The news reports are trickling in tonight regarding today’s prepared statement from Adobe, served with a heaping helping of humble pie, announcing that it will remove the “Send to FedEx Kinko” button and menu option from the 8.1.1 update of Acrobat Reader, planned for an October 2007 release.

The printing industry is tonight dancing on its presses, tossing its righteous indignation into the recycle bin, and praising Adobe for its responsible response.

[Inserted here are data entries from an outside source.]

(* Let $PS = D \cup LP \cup MP \cup IC$ be a maximal P2P system such that no negation occurs in $LP$. Then the relation $\sqsupseteq_{Max}$ is a partial order on the set of weak models of $PS$.
   Context: Peer atoms: a peer identifier is a positive integer; a peer atom is $i\!:\!p(t_1,\dots,t_k)$ with $i$ a peer identifier, $p$ a predicate and $t_j$ terms; $i\!:\!p$ is a peer predicate. A literal is an atom $A$ or its negation-as-failure $not\ A$. Built-in atoms are $X\,\theta\,Y$ with $\theta\in\{<,>,\le,\ge,=,\neq\}$. Rules (all safe): a standard rule $H\leftarrow \mathcal B$ with $H$ a peer atom and $\mathcal B$ a conjunction of peer literals and built-ins; an integrity constraint $\leftarrow \mathcal B$; a maximal mapping rule $i\!:\!h(X) \leftharpoonup j\!:\!(p_1(X_1),\dots,p_m(X_m),\varphi)$ with $i\neq j$; a minimal mapping rule, identical but written with $\leftharpoondown$. A peer $P_i=\langle D_i,LP_i,MP_i,IC_i\rangle$ consists of a finite set $D_i$ of ground atoms with identifier $i$, a finite set $LP_i$ of standard rules all of whose atoms have identifier $i$, a finite set $MP_i$ of mapping rules with head identifier $i$, and a finite set $IC_i$ of integrity constraints over atoms with identifier $i$. A P2P system is a set $PS=\{P_1,\dots,P_n\}$ of peers in which every source identifier of a mapping rule lies in $[1..n]$; $D,LP,MP,IC$ are the unions of the components, and $PS$ is identified with $D\cup LP\cup MP\cup IC$. A maximal P2P system is one all of whose mapping rules are maximal. A predicate is derived if it heads a standard rule, a mapping predicate if it heads a mapping rule, base otherwise; each predicate has exactly one type and each mapping predicate heads exactly one mapping rule. Semantics: an interpretation is a set of ground peer atoms; $A$ true iff $A\in M$, $not\ A$ true iff $A\notin M$; a standard rule is satisfied iff its body is false or its head true; a constraint iff its body is false. $MM(\Pi)$ is the set of inclusion-minimal models of a program $\Pi$ (models satisfy all ground instances). $St(r)$ turns a mapping rule with head $H$ and body $\mathcal B$ into $H\leftarrow\mathcal B$. An interpretation $M$ is a weak model of $PS$ if $\{M\}=MM(St(PS^M))$, where $PS^M$ is obtained from $ground(PS)$ by removing every rule whose body contains $not\ A$ with $A\in M$, deleting negative literals from the remaining rules, and removing every ground mapping rule whose head is not in $M$. $M[MP]$ denotes the set of atoms of $M$ whose predicate is a mapping predicate. For weak models $M,N$: $M\sqsupseteq_{Max}N$ iff $M[MP]\supseteq N[MP]$. *)

From Stdlib Require Import List Arith.
Import ListNotations.

(* Constants are natural numbers (so that built-ins <,>,<=,>= make sense);
   variables are indexed by natural numbers. *)
Inductive term := TC (c : nat) | TV (v : nat).

Record atom := mkAtom { a_id : nat; a_pred : nat; a_args : list term }.

Inductive cmp := CLt | CGt | CLe | CGe | CEq | CNe.
Record builtin := mkBI { b_op : cmp; b_l : term; b_r : term }.

Inductive literal := LPos (a : atom) | LNot (a : atom) | LBi (b : builtin).

Record std_rule := mkStd { sr_head : atom; sr_body : list literal }.
Definition constraint := list literal.

Inductive map_kind := MaxMap | MinMap.
(* mapping rule  i:h(X) <-(max/min) j:(p_1(X_1),...,p_m(X_m), phi) *)
Record map_rule := mkMap {
  mr_kind : map_kind; mr_head : atom; mr_src : nat;
  mr_body : list atom; mr_phi : list builtin }.

Record peer := mkPeer {
  pD : list atom; pLP : list std_rule; pMP : list map_rule; pIC : list constraint }.

(* A P2P system {P_1,...,P_n}: the peer with identifier i is the (i-1)-th
   element of the list. *)
Definition p2p := list peer.

Definition allD (PS : p2p) := flat_map pD PS.
Definition allLP (PS : p2p) := flat_map pLP PS.
Definition allMP (PS : p2p) := flat_map pMP PS.
Definition allIC (PS : p2p) := flat_map pIC PS.

Definition is_var (t : term) := exists v, t = TV v.
Definition is_const (t : term) := exists c, t = TC c.
Definition ground_atom (a : atom) := forall t, In t (a_args a) -> is_const t.

Definition lit_atom_id_ok (i : nat) (l : literal) : Prop :=
  match l with LPos a | LNot a => a_id a = i | LBi _ => True end.

Definition wf_peer (n i : nat) (P : peer) : Prop :=
  (forall a, In a (pD P) -> a_id a = i /\ ground_atom a) /\
  (forall r, In r (pLP P) ->
     a_id (sr_head r) = i /\ forall l, In l (sr_body r) -> lit_atom_id_ok i l) /\
  (forall r, In r (pMP P) ->
     a_id (mr_head r) = i /\ 1 <= mr_src r <= n /\ mr_src r <> i /\
     (forall t, In t (a_args (mr_head r)) -> is_var t) /\
     (forall a, In a (mr_body r) ->
        a_id a = mr_src r /\ forall t, In t (a_args a) -> is_var t)) /\
  (forall c, In c (pIC P) -> forall l, In l c -> lit_atom_id_ok i l).

Definition var_in_term (v : nat) (t : term) := t = TV v.
Definition var_in_atom (v : nat) (a : atom) := In (TV v) (a_args a).
Definition var_in_bi (v : nat) (b : builtin) := b_l b = TV v \/ b_r b = TV v.
Definition var_in_lit (v : nat) (l : literal) :=
  match l with LPos a | LNot a => var_in_atom v a | LBi b => var_in_bi v b end.
Definition var_in_pos_body (v : nat) (B : list literal) :=
  exists a, In (LPos a) B /\ var_in_atom v a.

Definition safe_std (r : std_rule) :=
  forall v, (var_in_atom v (sr_head r) \/ exists l, In l (sr_body r) /\ var_in_lit v l) ->
    var_in_pos_body v (sr_body r).
Definition safe_ic (c : constraint) :=
  forall v, (exists l, In l c /\ var_in_lit v l) -> var_in_pos_body v c.
Definition safe_map (r : map_rule) :=
  forall v, (var_in_atom v (mr_head r) \/ exists b, In b (mr_phi r) /\ var_in_bi v b) ->
    exists a, In a (mr_body r) /\ var_in_atom v a.

Definition pkey (a : atom) : nat * nat := (a_id a, a_pred a).
Definition derived_pred (PS : p2p) (q : nat * nat) :=
  exists r, In r (allLP PS) /\ pkey (sr_head r) = q.
Definition mapping_pred (PS : p2p) (q : nat * nat) :=
  exists r, In r (allMP PS) /\ pkey (mr_head r) = q.

Definition wf_p2p (PS : p2p) : Prop :=
  (forall k P, nth_error PS k = Some P -> wf_peer (length PS) (S k) P) /\
  (forall r, In r (allLP PS) -> safe_std r) /\
  (forall c, In c (allIC PS) -> safe_ic c) /\
  (forall r, In r (allMP PS) -> safe_map r) /\
  (forall q, ~ (derived_pred PS q /\ mapping_pred PS q)) /\
  (forall r1 r2, In r1 (allMP PS) -> In r2 (allMP PS) ->
     pkey (mr_head r1) = pkey (mr_head r2) -> r1 = r2).

Definition maximal_p2p (PS : p2p) :=
  forall r, In r (allMP PS) -> mr_kind r = MaxMap.

Definition LP_negation_free (PS : p2p) :=
  forall r a, In r (allLP PS) -> ~ In (LNot a) (sr_body r).

Record gatom := mkG { g_id : nat; g_pred : nat; g_args : list nat }.
Definition interp := gatom -> Prop.

Definition subst := nat -> nat.
Definition tsub (s : subst) (t : term) : nat :=
  match t with TC c => c | TV v => s v end.
Definition gnd (s : subst) (a : atom) : gatom :=
  mkG (a_id a) (a_pred a) (map (tsub s) (a_args a)).

Definition cmp_eval (o : cmp) (x y : nat) : Prop :=
  match o with
  | CLt => x < y | CGt => y < x | CLe => x <= y | CGe => y <= x
  | CEq => x = y | CNe => x <> y end.
Definition bi_eval (s : subst) (b : builtin) : Prop :=
  cmp_eval (b_op b) (tsub s (b_l b)) (tsub s (b_r b)).

(* Ground instance (under s) of a body belongs to the reduct PS^M
   (no "not A" with A in M) and the reduced body (negations deleted)
   is true in N. *)
Definition reduct_body_true (M N : interp) (s : subst) (B : list literal) : Prop :=
  forall l, In l B ->
    match l with
    | LPos a => N (gnd s a)
    | LNot a => ~ M (gnd s a)
    | LBi b => bi_eval s b
    end.

(* N is a model of St(PS^M) (ground(PS) = all instances under all
   substitutions of variables by constants). *)
Definition model_St_reduct (PS : p2p) (M N : interp) : Prop :=
  (forall a s, In a (allD PS) -> N (gnd s a)) /\
  (forall r s, In r (allLP PS) -> reduct_body_true M N s (sr_body r) ->
     N (gnd s (sr_head r))) /\
  (forall c s, In c (allIC PS) -> ~ reduct_body_true M N s c) /\
  (forall r s, In r (allMP PS) ->
     M (gnd s (mr_head r)) ->   (* ground mapping rule kept only if head in M *)
     (forall a, In a (mr_body r) -> N (gnd s a)) ->
     (forall b, In b (mr_phi r) -> bi_eval s b) ->
     N (gnd s (mr_head r))).

Definition minimal_model_St_reduct (PS : p2p) (M N : interp) : Prop :=
  model_St_reduct PS M N /\
  forall N', model_St_reduct PS M N' -> (forall x, N' x -> N x) ->
    forall x, N x -> N' x.

Definition weak_model (PS : p2p) (M : interp) : Prop :=
  minimal_model_St_reduct PS M M /\
  forall N, minimal_model_St_reduct PS M N -> N = M.

Definition restr_MP (PS : p2p) (M : interp) : interp :=
  fun x => M x /\ mapping_pred PS (g_id x, g_pred x).

Definition geMax (PS : p2p) (M N : interp) : Prop :=
  forall x, restr_MP PS N x -> restr_MP PS M x.

Definition partial_order_on {T : Type} (S : T -> Prop) (R : T -> T -> Prop) : Prop :=
  (forall x, S x -> R x x) /\
  (forall x y z, S x -> S y -> S z -> R x y -> R y z -> R x z) /\
  (forall x y, S x -> S y -> R x y -> R y x -> x = y).

(* Reflexivity and transitivity of ⊒_Max are those of inclusion of the
   mapping parts M[MP].  For antisymmetry, suppose M[MP] ⊆ N[MP] for weak
   models M and N.  Then M ∩ N is still a model of St(PS^M): facts and
   integrity constraints are preserved by shrinking the interpretation,
   negation-free standard rules hold in both M and N, and a ground mapping
   rule survives in PS^M only if its head lies in M[MP] ⊆ N.  Minimality of
   M gives M ⊆ N, and symmetrically N ⊆ M. *)

From Stdlib Require Import List FunctionalExtensionality PropExtensionality.

Lemma reduct_body_true_mono (M N N' : interp) (s : subst) (B : list literal) :
  (forall x, N x -> N' x) ->
  reduct_body_true M N s B -> reduct_body_true M N' s B.
Proof.
  intros HNN' HB l Hl; specialize (HB l Hl).
  destruct l; auto.
Qed.

Lemma reduct_body_true_negfree (M M' N : interp) (s : subst) (B : list literal) :
  (forall a, ~ In (LNot a) B) ->
  reduct_body_true M N s B -> reduct_body_true M' N s B.
Proof.
  intros Hneg HB l Hl; specialize (HB l Hl).
  destruct l as [a | a | b]; auto.
  exfalso; exact (Hneg a Hl).
Qed.

Lemma model_St_reduct_inter (PS : p2p) (M N : interp) :
  LP_negation_free PS ->
  model_St_reduct PS M M -> model_St_reduct PS N N ->
  (forall x, restr_MP PS M x -> restr_MP PS N x) ->
  model_St_reduct PS M (fun x => M x /\ N x).
Proof.
  intros Hneg [MD [MLP [MIC MMP]]] [ND [NLP [NIC NMP]]] HMP.
  assert (HinM : forall x, M x /\ N x -> M x) by (intros x Hx; apply Hx).
  assert (HinN : forall x, M x /\ N x -> N x) by (intros x Hx; apply Hx).
  split; [| split; [| split]].
  - intros a s Ha; split; auto.
  - intros r s Hr HB; split.
    + apply MLP; auto.
      exact (reduct_body_true_mono _ _ _ _ _ HinM HB).
    + apply NLP; auto.
      apply (reduct_body_true_negfree M); [intro a; exact (Hneg r a Hr) |].
      exact (reduct_body_true_mono _ _ _ _ _ HinN HB).
  - intros c s Hc HB.
    exact (MIC c s Hc (reduct_body_true_mono _ _ _ _ _ HinM HB)).
  - intros r s Hr Hhead _ _; split; auto.
    apply HMP; split; [exact Hhead |].
    exists r; split; auto.
Qed.

Lemma weak_model_incl (PS : p2p) (M N : interp) :
  LP_negation_free PS -> weak_model PS M -> weak_model PS N ->
  geMax PS N M -> forall x, M x -> N x.
Proof.
  intros Hneg HM HN HMP x Hx.
  assert (Hinter : model_St_reduct PS M (fun y => M y /\ N y)).
  { apply model_St_reduct_inter; auto.
    - exact (proj1 (proj1 HM)).
    - exact (proj1 (proj1 HN)). }
  destruct HM as [[_ HMmin] _].
  exact (proj2 (HMmin _ Hinter (fun y Hy => proj1 Hy) x Hx)).
Qed.

Lemma interp_ext (M N : interp) : (forall x, M x <-> N x) -> M = N.
Proof.
  intros HMN; apply functional_extensionality; intro x.
  apply propositional_extensionality, HMN.
Qed.

Theorem proposition2 (PS : p2p) :
  wf_p2p PS -> maximal_p2p PS -> LP_negation_free PS ->
  partial_order_on (weak_model PS) (geMax PS).
Proof.
  intros _ _ Hneg; split; [| split].
  - intros M _ x Hx; exact Hx.
  - intros M N P _ _ _ HMN HNP x Hx; auto.
  - intros M N HM HN HMN HNM.
    apply interp_ext; intro x; split.
    + exact (weak_model_incl PS M N Hneg HM HN HNM x).
    + exact (weak_model_incl PS N M Hneg HN HM HMN x).
Qed.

Joe Truncale, who runs the respected printing trade group the National Association for Printing Leadership (NAPL) is quoted as saying “We’re pleased that Adobe was responsive”. Clearly this was a mistake, and Adobe admitted that. I haven’t seen Adobe’s statement, but more likely the phrase should be “and Adobe implicitly admitted that…”

Michael Makin, who runs the larger printing trade organization PIA/GATF noted in a press release that “We recognize that the company must have had to move mountains to retreat on its position, and we commend Adobe for its swift action;” they have clearly restored confidence in our long-lasting partnership.”

For a provocative and amusing counterpoint to how printing companies were handling this “outrage,” check out my friend and colleague Gene Gable’s column on creativepro.com.

The summer storm has passed. The only recorded injuries were to pride (and, I imagine, corporate relations between Adobe and FedEx).